START Records shown
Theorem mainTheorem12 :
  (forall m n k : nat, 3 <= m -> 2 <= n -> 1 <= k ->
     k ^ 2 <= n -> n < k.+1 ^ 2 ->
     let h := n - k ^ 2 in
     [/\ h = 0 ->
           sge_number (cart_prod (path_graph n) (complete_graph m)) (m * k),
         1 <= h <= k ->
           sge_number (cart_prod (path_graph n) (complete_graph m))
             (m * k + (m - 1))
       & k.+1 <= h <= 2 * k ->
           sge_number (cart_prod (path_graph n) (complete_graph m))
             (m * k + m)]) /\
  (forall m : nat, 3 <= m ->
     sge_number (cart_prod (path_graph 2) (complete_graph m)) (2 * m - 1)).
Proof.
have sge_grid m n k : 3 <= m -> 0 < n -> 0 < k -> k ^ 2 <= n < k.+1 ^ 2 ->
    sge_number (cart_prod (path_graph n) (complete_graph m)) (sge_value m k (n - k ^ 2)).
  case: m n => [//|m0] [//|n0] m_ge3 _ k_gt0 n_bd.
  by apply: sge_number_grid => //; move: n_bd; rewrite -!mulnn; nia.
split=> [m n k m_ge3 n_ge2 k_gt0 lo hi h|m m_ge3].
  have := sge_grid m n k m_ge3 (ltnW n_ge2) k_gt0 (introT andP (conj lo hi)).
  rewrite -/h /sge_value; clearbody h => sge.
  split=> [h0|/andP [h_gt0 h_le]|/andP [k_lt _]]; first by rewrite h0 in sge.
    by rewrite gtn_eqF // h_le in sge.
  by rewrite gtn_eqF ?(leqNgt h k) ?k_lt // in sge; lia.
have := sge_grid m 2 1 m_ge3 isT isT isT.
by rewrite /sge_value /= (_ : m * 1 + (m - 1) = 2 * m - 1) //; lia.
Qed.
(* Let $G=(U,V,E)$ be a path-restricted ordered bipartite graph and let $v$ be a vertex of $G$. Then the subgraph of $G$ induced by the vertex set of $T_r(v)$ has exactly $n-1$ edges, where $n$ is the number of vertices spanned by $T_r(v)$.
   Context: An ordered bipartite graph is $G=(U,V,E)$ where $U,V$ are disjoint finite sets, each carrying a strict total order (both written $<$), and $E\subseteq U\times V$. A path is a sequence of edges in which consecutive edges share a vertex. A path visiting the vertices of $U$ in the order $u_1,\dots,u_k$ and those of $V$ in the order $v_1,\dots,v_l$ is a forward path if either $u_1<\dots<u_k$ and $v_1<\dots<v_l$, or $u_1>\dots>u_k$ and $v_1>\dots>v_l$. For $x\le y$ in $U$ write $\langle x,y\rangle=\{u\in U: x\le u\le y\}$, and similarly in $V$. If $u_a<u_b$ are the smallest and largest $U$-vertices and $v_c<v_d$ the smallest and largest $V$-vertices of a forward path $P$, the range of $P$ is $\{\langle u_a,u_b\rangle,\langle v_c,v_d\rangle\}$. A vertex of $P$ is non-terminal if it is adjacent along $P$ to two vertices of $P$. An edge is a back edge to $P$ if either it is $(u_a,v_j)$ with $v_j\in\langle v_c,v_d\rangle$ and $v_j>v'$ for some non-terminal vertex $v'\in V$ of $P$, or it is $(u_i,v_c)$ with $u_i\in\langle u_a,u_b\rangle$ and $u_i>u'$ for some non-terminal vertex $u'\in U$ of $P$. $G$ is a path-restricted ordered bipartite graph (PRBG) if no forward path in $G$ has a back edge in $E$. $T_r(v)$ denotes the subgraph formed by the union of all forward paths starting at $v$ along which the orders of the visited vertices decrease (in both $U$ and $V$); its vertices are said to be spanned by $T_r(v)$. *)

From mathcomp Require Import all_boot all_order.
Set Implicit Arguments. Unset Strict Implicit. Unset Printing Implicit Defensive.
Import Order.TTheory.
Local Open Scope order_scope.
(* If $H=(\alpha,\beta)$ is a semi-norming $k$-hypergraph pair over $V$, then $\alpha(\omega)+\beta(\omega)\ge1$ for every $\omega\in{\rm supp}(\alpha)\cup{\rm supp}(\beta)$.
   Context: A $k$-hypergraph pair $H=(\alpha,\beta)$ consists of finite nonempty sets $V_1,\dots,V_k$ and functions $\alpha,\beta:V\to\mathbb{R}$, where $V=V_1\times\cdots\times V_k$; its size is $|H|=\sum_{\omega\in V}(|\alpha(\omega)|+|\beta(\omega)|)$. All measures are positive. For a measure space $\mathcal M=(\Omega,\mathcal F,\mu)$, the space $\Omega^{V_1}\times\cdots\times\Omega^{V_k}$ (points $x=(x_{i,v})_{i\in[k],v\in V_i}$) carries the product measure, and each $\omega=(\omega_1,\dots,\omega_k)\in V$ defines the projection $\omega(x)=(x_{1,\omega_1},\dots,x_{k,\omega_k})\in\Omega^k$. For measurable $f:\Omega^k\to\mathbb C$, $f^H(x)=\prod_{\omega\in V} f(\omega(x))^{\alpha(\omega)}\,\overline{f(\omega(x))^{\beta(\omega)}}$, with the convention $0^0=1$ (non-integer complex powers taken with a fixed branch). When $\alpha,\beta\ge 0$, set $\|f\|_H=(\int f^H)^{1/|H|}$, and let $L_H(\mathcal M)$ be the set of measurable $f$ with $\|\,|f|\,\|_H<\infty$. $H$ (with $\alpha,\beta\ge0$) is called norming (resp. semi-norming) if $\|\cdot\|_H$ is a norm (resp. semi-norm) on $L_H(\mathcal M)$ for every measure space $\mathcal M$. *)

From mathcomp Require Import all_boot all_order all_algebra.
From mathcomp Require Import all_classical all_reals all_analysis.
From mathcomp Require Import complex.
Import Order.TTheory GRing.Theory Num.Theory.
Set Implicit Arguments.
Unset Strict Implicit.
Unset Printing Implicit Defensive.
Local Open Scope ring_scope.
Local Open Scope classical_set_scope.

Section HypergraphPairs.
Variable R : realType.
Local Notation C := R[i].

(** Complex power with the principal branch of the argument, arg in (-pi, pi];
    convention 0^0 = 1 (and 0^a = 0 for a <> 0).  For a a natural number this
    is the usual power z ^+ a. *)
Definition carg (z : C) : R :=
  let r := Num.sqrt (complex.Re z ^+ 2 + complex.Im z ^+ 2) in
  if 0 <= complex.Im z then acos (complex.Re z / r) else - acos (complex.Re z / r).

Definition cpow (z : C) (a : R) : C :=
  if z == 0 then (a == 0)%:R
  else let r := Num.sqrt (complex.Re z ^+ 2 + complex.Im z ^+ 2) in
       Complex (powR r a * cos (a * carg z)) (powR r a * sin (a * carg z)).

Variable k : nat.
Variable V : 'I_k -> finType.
END Records shown
* _Requirement_
Copy out every line of the data above, exactly as given.

* _Task output_
Theorem mainTheorem12 :
  (forall m n k : nat, 3 <= m -> 2 <= n -> 1 <= k ->
     k ^ 2 <= n -> n < k.+1 ^ 2 ->
     let h := n - k ^ 2 in
     [/\ h = 0 ->
           sge_number (cart_prod (path_graph n) (complete_graph m)) (m * k),
         1 <= h <= k ->
           sge_number (cart_prod (path_graph n) (complete_graph m))
             (m * k + (m - 1))
       & k.+1 <= h <= 2 * k ->
           sge_number (cart_prod (path_graph n) (complete_graph m))
             (m * k + m)]) /\
  (forall m : nat, 3 <= m ->
     sge_number (cart_prod (path_graph 2) (complete_graph m)) (2 * m - 1)).
Proof.
have sge_grid m n k : 3 <= m -> 0 < n -> 0 < k -> k ^ 2 <= n < k.+1 ^ 2 ->
    sge_number (cart_prod (path_graph n) (complete_graph m)) (sge_value m k (n - k ^ 2)).
  case: m n => [//|m0] [//|n0] m_ge3 _ k_gt0 n_bd.
  by apply: sge_number_grid => //; move: n_bd; rewrite -!mulnn; nia.
split=> [m n k m_ge3 n_ge2 k_gt0 lo hi h|m m_ge3].
  have := sge_grid m n k m_ge3 (ltnW n_ge2) k_gt0 (introT andP (conj lo hi)).
  rewrite -/h /sge_value; clearbody h => sge.
  split=> [h0|/andP [h_gt0 h_le]|/andP [k_lt _]]; first by rewrite h0 in sge.
    by rewrite gtn_eqF // h_le in sge.
  by rewrite gtn_eqF ?(leqNgt h k) ?k_lt // in sge; lia.
have := sge_grid m 2 1 m_ge3 isT isT isT.
by rewrite /sge_value /= (_ : m * 1 + (m - 1) = 2 * m - 1) //; lia.
Qed.
(* Let $G=(U,V,E)$ be a path-restricted ordered bipartite graph and let $v$ be a vertex of $G$. Then the subgraph of $G$ induced by the vertex set of $T_r(v)$ has exactly $n-1$ edges, where $n$ is the number of vertices spanned by $T_r(v)$.
   Context: An ordered bipartite graph is $G=(U,V,E)$ where $U,V$ are disjoint finite sets, each carrying a strict total order (both written $<$), and $E\subseteq U\times V$. A path is a sequence of edges in which consecutive edges share a vertex. A path visiting the vertices of $U$ in the order $u_1,\dots,u_k$ and those of $V$ in the order $v_1,\dots,v_l$ is a forward path if either $u_1<\dots<u_k$ and $v_1<\dots<v_l$, or $u_1>\dots>u_k$ and $v_1>\dots>v_l$. For $x\le y$ in $U$ write $\langle x,y\rangle=\{u\in U: x\le u\le y\}$, and similarly in $V$. If $u_a<u_b$ are the smallest and largest $U$-vertices and $v_c<v_d$ the smallest and largest $V$-vertices of a forward path $P$, the range of $P$ is $\{\langle u_a,u_b\rangle,\langle v_c,v_d\rangle\}$. A vertex of $P$ is non-terminal if it is adjacent along $P$ to two vertices of $P$. An edge is a back edge to $P$ if either it is $(u_a,v_j)$ with $v_j\in\langle v_c,v_d\rangle$ and $v_j>v'$ for some non-terminal vertex $v'\in V$ of $P$, or it is $(u_i,v_c)$ with $u_i\in\langle u_a,u_b\rangle$ and $u_i>u'$ for some non-terminal vertex $u'\in U$ of $P$. $G$ is a path-restricted ordered bipartite graph (PRBG) if no forward path in $G$ has a back edge in $E$. $T_r(v)$ denotes the subgraph formed by the union of all forward paths starting at $v$ along which the orders of the visited vertices decrease (in both $U$ and $V$); its vertices are said to be spanned by $T_r(v)$. *)

From mathcomp Require Import all_boot all_order.
Set Implicit Arguments. Unset Strict Implicit. Unset Printing Implicit Defensive.
Import Order.TTheory.
Local Open Scope order_scope.
(* If $H=(\alpha,\beta)$ is a semi-norming $k$-hypergraph pair over $V$, then $\alpha(\omega)+\beta(\omega)\ge1$ for every $\omega\in{\rm supp}(\alpha)\cup{\rm supp}(\beta)$.
   Context: A $k$-hypergraph pair $H=(\alpha,\beta)$ consists of finite nonempty sets $V_1,\dots,V_k$ and functions $\alpha,\beta:V\to\mathbb{R}$, where $V=V_1\times\cdots\times V_k$; its size is $|H|=\sum_{\omega\in V}(|\alpha(\omega)|+|\beta(\omega)|)$. All measures are positive. For a measure space $\mathcal M=(\Omega,\mathcal F,\mu)$, the space $\Omega^{V_1}\times\cdots\times\Omega^{V_k}$ (points $x=(x_{i,v})_{i\in[k],v\in V_i}$) carries the product measure, and each $\omega=(\omega_1,\dots,\omega_k)\in V$ defines the projection $\omega(x)=(x_{1,\omega_1},\dots,x_{k,\omega_k})\in\Omega^k$. For measurable $f:\Omega^k\to\mathbb C$, $f^H(x)=\prod_{\omega\in V} f(\omega(x))^{\alpha(\omega)}\,\overline{f(\omega(x))^{\beta(\omega)}}$, with the convention $0^0=1$ (non-integer complex powers taken with a fixed branch). When $\alpha,\beta\ge 0$, set $\|f\|_H=(\int f^H)^{1/|H|}$, and let $L_H(\mathcal M)$ be the set of measurable $f$ with $\|\,|f|\,\|_H<\infty$. $H$ (with $\alpha,\beta\ge0$) is called norming (resp. semi-norming) if $\|\cdot\|_H$ is a norm (resp. semi-norm) on $L_H(\mathcal M)$ for every measure space $\mathcal M$. *)

From mathcomp Require Import all_boot all_order all_algebra.
From mathcomp Require Import all_classical all_reals all_analysis.
From mathcomp Require Import complex.
Import Order.TTheory GRing.Theory Num.Theory.
Set Implicit Arguments.
Unset Strict Implicit.
Unset Printing Implicit Defensive.
Local Open Scope ring_scope.
Local Open Scope classical_set_scope.

Section HypergraphPairs.
Variable R : realType.
Local Notation C := R[i].

(** Complex power with the principal branch of the argument, arg in (-pi, pi];
    convention 0^0 = 1 (and 0^a = 0 for a <> 0).  For a a natural number this
    is the usual power z ^+ a. *)
Definition carg (z : C) : R :=
  let r := Num.sqrt (complex.Re z ^+ 2 + complex.Im z ^+ 2) in
  if 0 <= complex.Im z then acos (complex.Re z / r) else - acos (complex.Re z / r).

Definition cpow (z : C) (a : R) : C :=
  if z == 0 then (a == 0)%:R
  else let r := Num.sqrt (complex.Re z ^+ 2 + complex.Im z ^+ 2) in
       Complex (powR r a * cos (a * carg z)) (powR r a * sin (a * carg z)).

Variable k : nat.
Variable V : 'I_k -> finType.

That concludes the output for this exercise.